Exercise details =
Reply with one number, the count of lines below that contain the string "lists".

=== Section Start ===

Lemma approx_ascents_cauchy x s ep :
  0 < s -> 0 < ep -> exists eta, 0 < eta /\
    forall p q, approx_ascent d h x s eta p -> approx_ascent d h x s eta q -> d p q < ep.
Proof.
  intros Hs Hep.
  set (r := Rmin 1 (ep^2 / (8 * (2 * s + 1)))).
  assert (0 < r) by (apply Rmin_glb_lt; [lra | apply Rdiv_lt_0_compat; nra]).
  assert (r <= 1) by apply Rmin_l.
  assert (8 * (2 * s + 1) * r <= ep^2).
  { pose proof (Rmin_r 1 (ep^2 / (8 * (2 * s + 1)))).
    replace (ep^2) with (8 * (2 * s + 1) * (ep^2 / (8 * (2 * s + 1)))) by (field; lra).
    apply Rmult_le_compat_l; [lra | assumption]. }
  set (eta := Rmin s (Rmin (r^2 / (8 * s)) (ep^2 / (32 * s)))).
  assert (0 < eta) by (repeat apply Rmin_glb_lt; try apply Rdiv_lt_0_compat; nra).
  assert (eta <= s) by apply Rmin_l.
  assert (8 * s * eta <= r^2 /\ 32 * s * eta <= ep^2) as [].
  { pose proof (Rmin_r s (Rmin (r^2 / (8 * s)) (ep^2 / (32 * s)))) as E.
    pose proof (Rmin_l (r^2 / (8 * s)) (ep^2 / (32 * s))).
    pose proof (Rmin_r (r^2 / (8 * s)) (ep^2 / (32 * s))).
    fold eta in E.
    replace (r^2) with (8 * s * (r^2 / (8 * s))) by (field; lra).
    replace (ep^2) with (32 * s * (ep^2 / (32 * s))) by (field; lra).
    split; apply Rmult_le_compat_l; lra. }
  exists eta; split; [assumption|]; intros p q Hp Hq.
  destruct (proj2 Hcal x (2 * s) eta ltac:(assumption)) as (w & Hw & Hxw).
  destruct (approx_ascents_close d HM HG HN h Hh x s eta p q w Hs ltac:(assumption) Hp Hq
    ltac:(lra) ltac:(lra)) as (del & Hdel0 & Hdel & Hpq).
  assert (del <= r) by nra.
  assert ((d p q)^2 < ep^2) by nra.
  pose proof (dist_ge0 d HM p q); nra.
Qed.

Lemma ascent_exists x s : 0 <= s -> exists p, d x p = s /\ h p = h x + s.
Proof.
  intros Hs0; destruct (Req_dec s 0) as [->|Hs1].
  { exists x; rewrite (dist_refl d HM); split; [reflexivity | ring]. }
  assert (Hs : 0 < s) by lra.
  set (eta := fun k : nat => / (INR k + 1)).
  assert (Heta : forall k, 0 < eta k) by (intro k; apply Rinv_0_lt_compat; pose proof (pos_INR k); lra).
  destruct (choice (fun k => approx_ascent d h x s (eta k))) as [u Hu].
  { intro k; apply approx_ascent_exists; auto. }
  assert (Hcauchy : cauchy_seq d u).
  { intros ep Hep; destruct (approx_ascents_cauchy x s ep Hs Hep) as (e & He & Hclose).
    destruct (inv_INR_succ_eventually_le e He) as [N HN']; exists N; intros m k Hm Hk.
    apply Hclose; [apply (approx_ascent_mono d h x s (eta m)) | apply (approx_ascent_mono d h x s (eta k))];
      try apply Hu; apply HN'; assumption. }
  destruct (HC u Hcauchy) as [l Hl].
  exists l; apply (approx_ascent_limit d HM h Hh x s eta u l); auto.
  intros e He; destruct (inv_INR_succ_eventually_le e He) as [N HN']; exists N; apply HN'.
Qed.

End Ascent.

Section AscentUniqueness.
Context {X : Type} (d : X -> X -> R) (HM : is_metric d) (HC : complete d)
  (HG : geodesic_space d) (HN : nonneg_curv d) (h : X -> R)
  (Hh : forall x y, h x - h y <= d x y) (Hcal : bicalibrated d h).

Lemma descent_exists x s : 0 <= s -> exists p, d x p = s /\ h p = h x - s.
Proof.
  intros Hs.
  destruct (ascent_exists d HM HC HG HN _ (one_lipschitz_opp d HM h Hh)
    (bicalibrated_opp d h Hcal) x s Hs) as (p & Hxp & Hhp).
  exists p; split; [assumption | lra].
Qed.

Lemma ascent_unique x s p q :
  0 <= s -> d x p = s -> h p = h x + s -> d x q = s -> h q = h x + s -> p = q.
Proof.
  intros Hs Hxp Hhp Hxq Hhq.
  destruct (descent_exists x 1 ltac:(lra)) as (w & Hxw & Hhw).
  assert (Hwp : d w x + d x p = d w p).
  { apply Rle_antisym; [|apply (dist_triangle d HM)].
    specialize (Hh p w); rewrite (dist_sym d HM p w) in Hh; rewrite (dist_sym d HM w x); lra. }
  (* x lies on a geodesic from w to p, and q is as close to x and as far from w as p is. *)
  assert (h q - h w <= d q w) by apply Hh.
  assert (d w x = 1) by (rewrite (dist_sym d HM); assumption).
  pose proof (comparison_near_end d HM HG HN w x p q s 0 0 Hwp Hxp ltac:(lra)) as K.
  rewrite (dist_sym d HM q x) in K; specialize (K ltac:(lra) ltac:(lra)).
  replace (d w p) with (1 + s) in K by lra.
  apply (dist_eq0 d HM); rewrite (dist_sym d HM).
  pose proof (dist_ge0 d HM q p); nra.
Qed.
(* Let $\underline A=(A_1,\dots,A_m)\in{\rm Mat}(d,\mathbb{R})^m$ and $1\le k\le d$, and assume (1) $\mathrm{rank}(A_j)=k$ for all $j$, and (2) $\mathrm{rank}(A_aA_b)=k$ for every $a,b\in\{1,\dots,m\}$. For $1\le l\le m$ let $R_l:=\mathrm{Range}(A_l)$. Then for every $n\in\mathbb N$ and $i_1,\dots,i_n\in\{1,\dots,m\}$, the restriction $A_lA_{i_1}\cdots A_{i_n}|_{R_l}:R_l\to R_l$ is a linear isomorphism. Let $\mathcal G_l\subseteq\mathrm{GL}(R_l)$ be the group generated by all these automorphisms of $R_l$. Then: (a) for all $1\le i,j\le m$ the groups $\mathcal G_i$ and $\mathcal G_j$ are conjugate; (b) if some $\mathcal G_l$ is Zariski dense in $\mathrm{GL}(R_l)$, then $\wedge_i\underline A$ is irreducible for all $1\le i\le k$.
   Context: $\wedge_iA$ denotes the $i$-th exterior power of a matrix $A$ (the matrix of its $i\times i$ minors) and $\wedge_i\underline A=(\wedge_iA_1,\dots,\wedge_iA_m)$. A tuple $(D_1,\dots,D_m)$ of $N\times N$ real matrices is called reducible if there exist subspaces $V_1,\dots,V_m$ with $\{0\}\ne V_j\subsetneq\mathrm{Range}(D_j)$ and $D_aV_b=V_a$ for all $a,b\in\{1,\dots,m\}$; otherwise it is irreducible. *)

From HB Require Import structures.
From mathcomp Require Import all_boot all_order all_algebra.
From mathcomp Require Import reals.
From mathcomp Require Import mpoly.

Set Implicit Arguments.
Unset Strict Implicit.
Unset Printing Implicit Defensive.

Import Order.TTheory GRing.Theory Num.Theory.
Local Open Scope ring_scope.

(* Vectors of R^N are column vectors and a matrix D acts by
   v |-> D *m v.  MathComp's mxalgebra represents subspaces as row spaces,
   so a subspace V of R^N (column vectors) is encoded by a matrix whose rows
   are the transposes of vectors spanning V.  Hence:
     Range(D)  is encoded by  D^T          (its column space),
     D V       is encoded by  V *m D^T.                                     *)

Section Defs.
Variable R : realType.
(* For $n\ge 1$, let $\operatorname{NE}_n(k)$ denote the number of permutations $\sigma\in\mathfrak{S}_n$ with nesting number $\operatorname{Ne}(\sigma)=k$. Then \[\operatorname{NE}_n(\lceil n/2\rceil)=\begin{cases} m! & \text{if } n=2m+1,\\ 2(m+1)!-(m-1)!-1 & \text{if } n=2m.\end{cases}\]
   Context: For $\sigma\in\mathfrak{S}_n$, the arcs of $\sigma$ are the pairs $(a,\sigma(a))$, $1\le a\le n$. A $k$-nesting of $\sigma$ is a set of $k$ arcs $\{(a_i,\sigma(a_i)):1\le i\le k\}$ satisfying either $a_1<a_2<\dots<a_k\le\sigma(a_k)<\dots<\sigma(a_2)<\sigma(a_1)$ (upper $k$-nesting; loops $a=\sigma(a)$ are allowed) or $\sigma(a_1)<\sigma(a_2)<\dots<\sigma(a_k)<a_k<\dots<a_2<a_1$ (lower $k$-nesting). The nesting number $\operatorname{Ne}(\sigma)$ is the largest $k$ such that $\sigma$ has a $k$-nesting. *)

(* Positions 1..n are represented 0-indexed by 'I_n. *)
From mathcomp Require Import all_boot all_order all_fingroup.
Set Implicit Arguments. Unset Strict Implicit. Unset Printing Implicit Defensive.

(* upper k-nesting: a_1 < ... < a_k <= s(a_k) < ... < s(a_1); the tuple t lists a_1..a_k *)
Definition upper_nesting n (s : 'S_n) k (t : k.-tuple 'I_n) : bool :=
  [&& sorted (fun x y : 'I_n => (x < y)%N) t,
      sorted (fun x y : 'I_n => (y < x)%N) (map s t) &
      (if val t is x :: _ then (last x t <= s (last x t))%N else true)].

(* lower k-nesting: s(a_1) < ... < s(a_k) < a_k < ... < a_1; t lists a_1..a_k *)
Definition lower_nesting n (s : 'S_n) k (t : k.-tuple 'I_n) : bool :=
  [&& sorted (fun x y : 'I_n => (y < x)%N) t,
      sorted (fun x y : 'I_n => (x < y)%N) (map s t) &
      (if val t is x :: _ then (s (last x t) < last x t)%N else true)].

Definition has_nesting n (s : 'S_n) k : bool :=
  [exists t : k.-tuple 'I_n, upper_nesting s t || lower_nesting s t].

(* nesting number: the largest k with a k-nesting (any nesting has k <= n) *)
Definition Ne n (s : 'S_n) : nat := \max_(k < n.+1 | has_nesting s k) k.

Definition NE n k : nat := #|[set s : 'S_n | Ne s == k]|.

From mathcomp Require Import all_boot all_order all_fingroup zify.
Set Implicit Arguments. Unset Strict Implicit. Unset Printing Implicit Defensive.

(* The left ends of a k-nesting increase strictly and its right ends decrease
   strictly, so an upper k-nesting occupies at least 2k-1 positions and a lower
   one 2k: Ne(s) <= ceil(n/2), with equality iff s has a ceil(n/2)-nesting.
   For n = 2m+1 such a nesting is upper with no room to spare, so it is forced to
   be the arcs (i, 2m-i), i <= m; the other m points are free: m! permutations.
   For n = 2m it is either lower and forced, or upper with one spare position,
   located among the right ends (m+1 ways) or among the left ends (m ways).  Each
   of these 2m+2 families prescribes s on m points and so has m! members; they
   overlap only in (m-1)! permutations common to the two upper kinds and in the
   reversal, and inclusion-exclusion gives 2(m+1)! - (m-1)! - 1. *)

Section PrescribedPermutations.

Variable n : nat.
Lemma FS_large_shattered (S : {set point}) q p r :
  0 < q -> q * k.-1 ^ p <= k ^ p -> 0 < r -> 0 < FS S ->
  exists W, shatters S W /\
    q ^ #|Z| * FS S * r ^ ((#|Z| - #|W|) * p) <= r.+1 ^ (#|Z| * p) * q.+1 ^ #|Z|.
Proof.
move=> q_gt0 ratio r_gt0 FS_gt0.
have S_neq0 : S != set0.
  by rewrite -card_gt0 (leq_trans FS_gt0) // FS_setT FS_on_le_card.
have set0_sh : set0 \in shattered setT S by rewrite inE sub0set shatters0.
have [W W_sh W_max] :=
  @arg_maxnP _ set0 (fun W => W \in shattered setT S) (fun W => #|W|) set0_sh.
exists W; split; first by move: W_sh; rewrite inE => /andP[].
have main := FS_on_shattered q_gt0 ratio setT S.
rewrite cardsT -FS_setT in main.
have count := card_small_sets r_gt0 W_max.
rewrite !expnM; apply: leq_trans (leq_mul main (leqnn _)) _.
by rewrite mulnAC -expnMn leq_mul2r (leq_wexp2r p count) orbT.
Qed.

End Covers.

Local Open Scope R_scope.

Lemma INR_gt0 n : (0 < n)%nat -> 0 < INR n.
Proof. by move=> /ltP; apply: lt_0_INR. Qed.

Lemma INR_expn a n : INR (a ^ n) = INR a ^ n.
Proof. by elim: n => [|n IHn] //; rewrite expnS mult_INR IHn. Qed.

Lemma ln_le x y : 0 < x -> x <= y -> ln x <= ln y.
Proof. by move=> x_gt0 [/(ln_increasing _ _ x_gt0)/Rlt_le|->] //; apply: Rle_refl. Qed.

Lemma ln_INR_gt0 n : (1 < n)%nat -> 0 < ln (INR n).
Proof. by move=> /ltP/(lt_INR 1) /= n_gt1; rewrite -ln_1; apply: ln_increasing; lra. Qed.

Lemma ln_INR_mul a b : (0 < a)%nat -> (0 < b)%nat ->
  ln (INR (a * b)) = ln (INR a) + ln (INR b).
Proof. by move=> a_gt0 b_gt0; rewrite mult_INR ln_mult //; apply: INR_gt0. Qed.

Lemma ln_INR_expn a n : (0 < a)%nat -> ln (INR (a ^ n)) = INR n * ln (INR a).
Proof. by move=> a_gt0; rewrite INR_expn ln_pow //; apply: INR_gt0. Qed.

Lemma ln_succ_sub_le q : (0 < q)%nat -> ln (INR q.+1) - ln (INR q) <= / INR q.
Proof.
move=> /INR_gt0 q_gt0; have inv_gt0 := Rinv_0_lt_compat _ q_gt0.
have -> : INR q.+1 = INR q * (1 + / INR q) by rewrite S_INR; field; lra.
rewrite ln_mult ?ln_exp; [|lra|lra].
suff : ln (1 + / INR q) <= / INR q by lra.
by rewrite -{2}(ln_exp (/ INR q)); apply: ln_le; [lra | apply: exp_ineq1_le].
Qed.

Lemma ln_le_of_expn_bound q p r n m F : (0 < q)%nat -> (0 < r)%nat ->
  (0 < F)%nat -> (m <= n)%nat ->
  (q ^ n * F * r ^ ((n - m) * p) <= r.+1 ^ (n * p) * q.+1 ^ n)%nat ->
  ln (INR F) <= INR n * (/ INR q + INR p / INR r) + INR m * INR p * ln (INR r).
Proof.
move=> q_gt0 r_gt0 F_gt0 le_mn /leP/le_INR/ln_le bound.
have lhs_gt0 : (0 < q ^ n * F * r ^ ((n - m) * p))%nat.
  by rewrite !muln_gt0 !expn_gt0 q_gt0 r_gt0 F_gt0.
move: (bound (INR_gt0 lhs_gt0)).
rewrite !ln_INR_mul ?ln_INR_expn ?muln_gt0 ?expn_gt0 ?q_gt0 ?r_gt0 ?F_gt0 //.
rewrite !mult_INR minus_INR; last exact/leP.
have n_ge0 := pos_INR n; have np_ge0 := Rmult_le_pos _ _ n_ge0 (pos_INR p).
have := Rmult_le_compat_l _ _ _ n_ge0 (ln_succ_sub_le q_gt0).
have := Rmult_le_compat_l _ _ _ np_ge0 (ln_succ_sub_le r_gt0).
rewrite /Rdiv; lra.
Qed.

=== Section End ===

Completed exercise =
2